> [EXERCISE BRIEF]: Looking at the listing below, retype exactly the lines starting at the one containing "(** * Offsets along the asymptotic normal *)" and ending at the one containing "intros Ht. unfold offset_curve.", both included, and nothing else.

----

Lemma async_run_exact s u x : admissible_shifts S shat s ->
  admissible_update S u -> async_run A S s u x ->
  forall r, \forall k \near \oo, agree_on (blocks_below S r) Xs (x k).
Proof.
move=> hs hu hx; elim=> [|r [K _ agree_K]].
  by apply: nearW => k p q rr cc; rewrite inE ltn0 andbF.
have H_agree k : (K + shat < k)%N ->
    forall p q, (p, q) \in blocks_below S r.+1 ->
    Hblk A S (delayed x s k) p q = Xs p q.
  move=> k_gt; apply: (Hblk_agree_below Xs_fixed r).
  apply: (delayed_blockwise hs) => [||k' _ /andP[k'_ge _]].
  - exact: blocks_below_sub.
  - by lia.
  - by apply: agree_K; rewrite /=; lia.
suff: \forall k \near \oo,
    forall pq, pq \in blocks_below S r.+1 -> x k pq.1 pq.2 = Xs pq.1 pq.2.
  by apply: filterS => k agree_k p q rr cc /agree_k ->.
apply: filter_forall => -[p q].
have [pqr|_] := boolP ((p, q) \in blocks_below S r.+1); last exact: nearW.
have pqS := blocks_below_sub S r.+1 _ pqr.
have [l [l_gt ul]] := hu.2 (p, q) pqS (K + shat)%N.
have l_gt0 : (1 <= l)%N by lia.
exists l.+1 => // k lk _ /=.
apply: (async_run_invariant hx (fun M => M = Xs p q) p q l.+1 pqS _ _ _ k lk) => //.
  by rewrite hx // ul eqxx; apply: H_agree.
by move=> k' lk'; apply: H_agree => //; lia.
Qed.

End LocalConvergence.
(** * Offsets along the asymptotic normal *)

Definition offset_curve (c q : R -> V3) (Rc : R) (s : R) : V3 :=
  vadd (c s) (vscale Rc (asymptotic_normal q s)).

Definition offset_coef (q : R -> V3) (Rc : R) (s : R) : R :=
  Rc * (dsig1 q s * conical_curvature q s).

Lemma lip_vD_of_central_normal (x : R -> V3) (t : R) (y : V3) :
  lip (vD x t) (vD x t) <> 0 -> lip (central_normal x t) y = 0 -> lip (vD x t) y = 0.
Proof.
  intros Hn Hy. rewrite (vD_central_normal_decomp x t Hn), lip_scalel, Hy. ring.
Qed.

Lemma riccati_product_iff (f k : R -> R) (Rc s : R) :
  Rc <> 0 -> f s <> 0 -> ex_derive f s -> ex_derive k s ->
  Derive (fun t => Rc * (f t * k t)) s + f s * ((Rc * (f s * k s)) ^ 2 - 1) = 0
  <-> Derive k s = - / Rc * (Rc ^ 2 * k s ^ 2 * f s ^ 2 - 1) - / f s * Derive f s * k s.
Proof.
  intros HR Hf Df Dk. rewrite Derive_scal, Derive_mult by auto.
  split; intros E.
  - apply (Rmult_eq_reg_l (Rc * f s)); [|now apply Rmult_integral_contrapositive].
    replace (Rc * f s * Derive k s)
      with (Rc * (Derive f s * k s + f s * Derive k s) - Rc * Derive f s * k s) by ring.
    replace (Rc * (Derive f s * k s + f s * Derive k s))
      with (- (f s * ((Rc * (f s * k s)) ^ 2 - 1))) by lra.
    field. auto.
  - rewrite E. field. auto.
Qed.

Section Offset.

Variables (U : R -> Prop) (q c qs : R -> V3) (Rc e : R).
Hypothesis U_open : open U.
Hypothesis q_smooth : VCinfty U q.
Hypothesis q_unit_timelike : forall t, U t -> lip (q t) (q t) = -1.
Hypothesis dq_spacelike : forall t, U t -> 0 < lip (vD q t) (vD q t).
Hypothesis c_smooth : VCinfty U c.
Hypothesis vD_c : forall t, U t -> vD c t = q t.
Hypothesis qs_smooth : VCinfty U qs.
Hypothesis e_neq0 : e <> 0.
Hypothesis qs_unit : forall t, U t -> lip (qs t) (qs t) = e.
Hypothesis dqs_nonnull : forall t, U t -> lip (vD qs t) (vD qs t) <> 0.
Hypothesis qs_striction : forall t, U t -> lip (vD qs t) (vD (offset_curve c q Rc) t) = 0.
Hypothesis qs_developable :
  forall t, U t -> det3 (vD (offset_curve c q Rc) t) (qs t) (vD qs t) = 0.

Let frame (t : R) :
  U t -> lorentz_frame (q t) (central_normal q t) (asymptotic_normal q t).
Proof. apply frenet_frame; auto. Qed.

Lemma vD_offset_curve (t : R) : U t ->
  vD (offset_curve c q Rc) t = vadd (q t) (vscale (- offset_coef q Rc t) (central_normal q t)).
Proof.
  intros Ht. unfold offset_curve.
  assert (Ha : VCinfty U (fun s => vscale Rc (asymptotic_normal q s))).
  { apply (VCinfty_scale U U_open (fun _ => Rc)); [apply Cinfty_const; auto|].
    apply VCinfty_asymptotic_normal; auto. }
  rewrite vD_add, vD_scale, vD_c, (vD_asymptotic_normal U q) by
    (auto; apply (VCinfty_vex_derive U); auto).
  unfold offset_coef. V3_ring.
Qed.
(* Let $\mathcal{E}$ be the 2D Laplace equation $u_{xx}+u_{yy}=0$, with cotangent equation $\{u_{xx}+u_{yy}=0,\ p_{xx}+p_{yy}=0\}$, and consider the variational bivectors $B_0=p$, $B_1=p_{yy}$, $B_2=p_{xy}$, $B_3=p_y+2(xp_{xy}+yp_{yy})$, $B_4=p_x+2(yp_{xy}-xp_{yy})$, $B_5=u_{yy}p_y-u_{xy}p_x+2(u_yp_{yy}-u_xp_{xy})$, $B_6=u_{yy}p_x+u_{xy}p_y+2(u_yp_{xy}+u_xp_{yy})$, $B_7=(u_y+xu_{xy}+yu_{yy})p_x+(u_x+yu_{xy}-xu_{yy})p_y+2(yu_x-xu_y)p_{yy}+2(xu_x+yu_y)p_{xy}$, $B_8=-(u_x+yu_{xy}-xu_{yy})p_x+(u_y+xu_{xy}+yu_{yy})p_y+2(xu_x+yu_y)p_{yy}-2(yu_x-xu_y)p_{xy}$. Then $B_0,\dots,B_4$ are Poisson structures on $\mathcal{E}$, while $B_5,\dots,B_8$ are not Poisson structures; moreover, the Schouten brackets $[\![B_i,B_j]\!]$ are nonzero for all $5\le i\le j\le 8$.
   Context: Setting: a scalar PDE $\mathcal{E}=\{F=0\}$ for one unknown $u(x^1,\dots,x^n)$, regarded as a submanifold of the infinite jet space with coordinates $x^i$, $u_\sigma$ ($\sigma$ a multi-index). $D_i$ are total derivatives, $D_\sigma$ their compositions. A $\mathcal{C}$-differential operator is an operator of the form $\sum_\sigma a^\sigma D_\sigma$ with smooth coefficients on the jet space (or on $\mathcal{E}$). The linearization is $\ell_F=\sum_\sigma \frac{\partial F}{\partial u_\sigma}D_\sigma$ and $\ell_{\mathcal{E}}$ its restriction to $\mathcal{E}$; $\Delta^*$ denotes the formal adjoint ($(\sum a^\sigma D_\sigma)^*=\sum(-1)^{|\sigma|}D_\sigma\circ a^\sigma$). The cotangent equation $\mathcal{T}^*\mathcal{E}$ is the system $\{F=0,\ \ell_F(p)=0\}$ (with all differential consequences), where $p$ is a new unknown of odd parity, so that all $p_\sigma$ are odd (anticommuting; in particular $p_\sigma p_\sigma=0$). Variational bivector: a $\mathcal{C}$-differential operator $H=\sum_\sigma h^\sigma D_\sigma$ on $\mathcal{E}$ such that (i) $\ell_{\mathcal{E}}(H_u)=0$ on $\mathcal{T}^*\mathcal{E}$, where $H_u=H(p)=\sum_\sigma h^\sigma p_\sigma$; and (ii) $H^*\circ\ell_{\mathcal{E}}^*=\ell_{\mathcal{E}}\circ H$ as operators on $\mathcal{E}$. Bivectors are identified with their functions $H_u$ (so ''$B=\sum B_\sigma p_\sigma$'' means $B=\sum B_\sigma D_\sigma$). Schouten bracket: for a bivector $H$, choose a bi-differential operator $\nabla$ in total derivatives on the jet space of $(u,p)$ with $\ell_F(H(p))-H^*(\ell_F(p))=\nabla(F,p)$ identically, and set $H_p=-\tfrac12\nabla^{*_1}(p,p)\big|_{\mathcal{T}^*\mathcal{E}}$ (even element quadratic in the $p_\sigma$; $\nabla^{*_1}$ is the adjoint in the first argument). Let $\mathrm{Ev}_{\phi(H)}=\sum_\sigma D_\sigma(H_u)\partial/\partial u_\sigma+D_\sigma(H_p)\partial/\partial p_\sigma$ (odd evolutionary derivation on $\mathcal{T}^*\mathcal{E}$). The Schouten bracket of bivectors $H,H'$ is $[\![H,H']\!]=\mathrm{Ev}_{\phi(H)}(H'_u)+\mathrm{Ev}_{\phi(H')}(H_u)$, a function on $\mathcal{T}^*\mathcal{E}$. $H$ is a Poisson structure if $[\![H,H]\!]=0$; two Poisson structures $H,H'$ are compatible if $[\![H,H']\!]=0$. *)

From Stdlib Require Import Reals List Arith.
Import ListNotations.
Open Scope R_scope.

----

> [OUTPUT FOR THIS EXERCISE]:
(** * Offsets along the asymptotic normal *)

Definition offset_curve (c q : R -> V3) (Rc : R) (s : R) : V3 :=
  vadd (c s) (vscale Rc (asymptotic_normal q s)).

Definition offset_coef (q : R -> V3) (Rc : R) (s : R) : R :=
  Rc * (dsig1 q s * conical_curvature q s).

Lemma lip_vD_of_central_normal (x : R -> V3) (t : R) (y : V3) :
  lip (vD x t) (vD x t) <> 0 -> lip (central_normal x t) y = 0 -> lip (vD x t) y = 0.
Proof.
  intros Hn Hy. rewrite (vD_central_normal_decomp x t Hn), lip_scalel, Hy. ring.
Qed.

Lemma riccati_product_iff (f k : R -> R) (Rc s : R) :
  Rc <> 0 -> f s <> 0 -> ex_derive f s -> ex_derive k s ->
  Derive (fun t => Rc * (f t * k t)) s + f s * ((Rc * (f s * k s)) ^ 2 - 1) = 0
  <-> Derive k s = - / Rc * (Rc ^ 2 * k s ^ 2 * f s ^ 2 - 1) - / f s * Derive f s * k s.
Proof.
  intros HR Hf Df Dk. rewrite Derive_scal, Derive_mult by auto.
  split; intros E.
  - apply (Rmult_eq_reg_l (Rc * f s)); [|now apply Rmult_integral_contrapositive].
    replace (Rc * f s * Derive k s)
      with (Rc * (Derive f s * k s + f s * Derive k s) - Rc * Derive f s * k s) by ring.
    replace (Rc * (Derive f s * k s + f s * Derive k s))
      with (- (f s * ((Rc * (f s * k s)) ^ 2 - 1))) by lra.
    field. auto.
  - rewrite E. field. auto.
Qed.

Section Offset.

Variables (U : R -> Prop) (q c qs : R -> V3) (Rc e : R).
Hypothesis U_open : open U.
Hypothesis q_smooth : VCinfty U q.
Hypothesis q_unit_timelike : forall t, U t -> lip (q t) (q t) = -1.
Hypothesis dq_spacelike : forall t, U t -> 0 < lip (vD q t) (vD q t).
Hypothesis c_smooth : VCinfty U c.
Hypothesis vD_c : forall t, U t -> vD c t = q t.
Hypothesis qs_smooth : VCinfty U qs.
Hypothesis e_neq0 : e <> 0.
Hypothesis qs_unit : forall t, U t -> lip (qs t) (qs t) = e.
Hypothesis dqs_nonnull : forall t, U t -> lip (vD qs t) (vD qs t) <> 0.
Hypothesis qs_striction : forall t, U t -> lip (vD qs t) (vD (offset_curve c q Rc) t) = 0.
Hypothesis qs_developable :
  forall t, U t -> det3 (vD (offset_curve c q Rc) t) (qs t) (vD qs t) = 0.

Let frame (t : R) :
  U t -> lorentz_frame (q t) (central_normal q t) (asymptotic_normal q t).
Proof. apply frenet_frame; auto. Qed.

Lemma vD_offset_curve (t : R) : U t ->
  vD (offset_curve c q Rc) t = vadd (q t) (vscale (- offset_coef q Rc t) (central_normal q t)).
Proof.
  intros Ht. unfold offset_curve.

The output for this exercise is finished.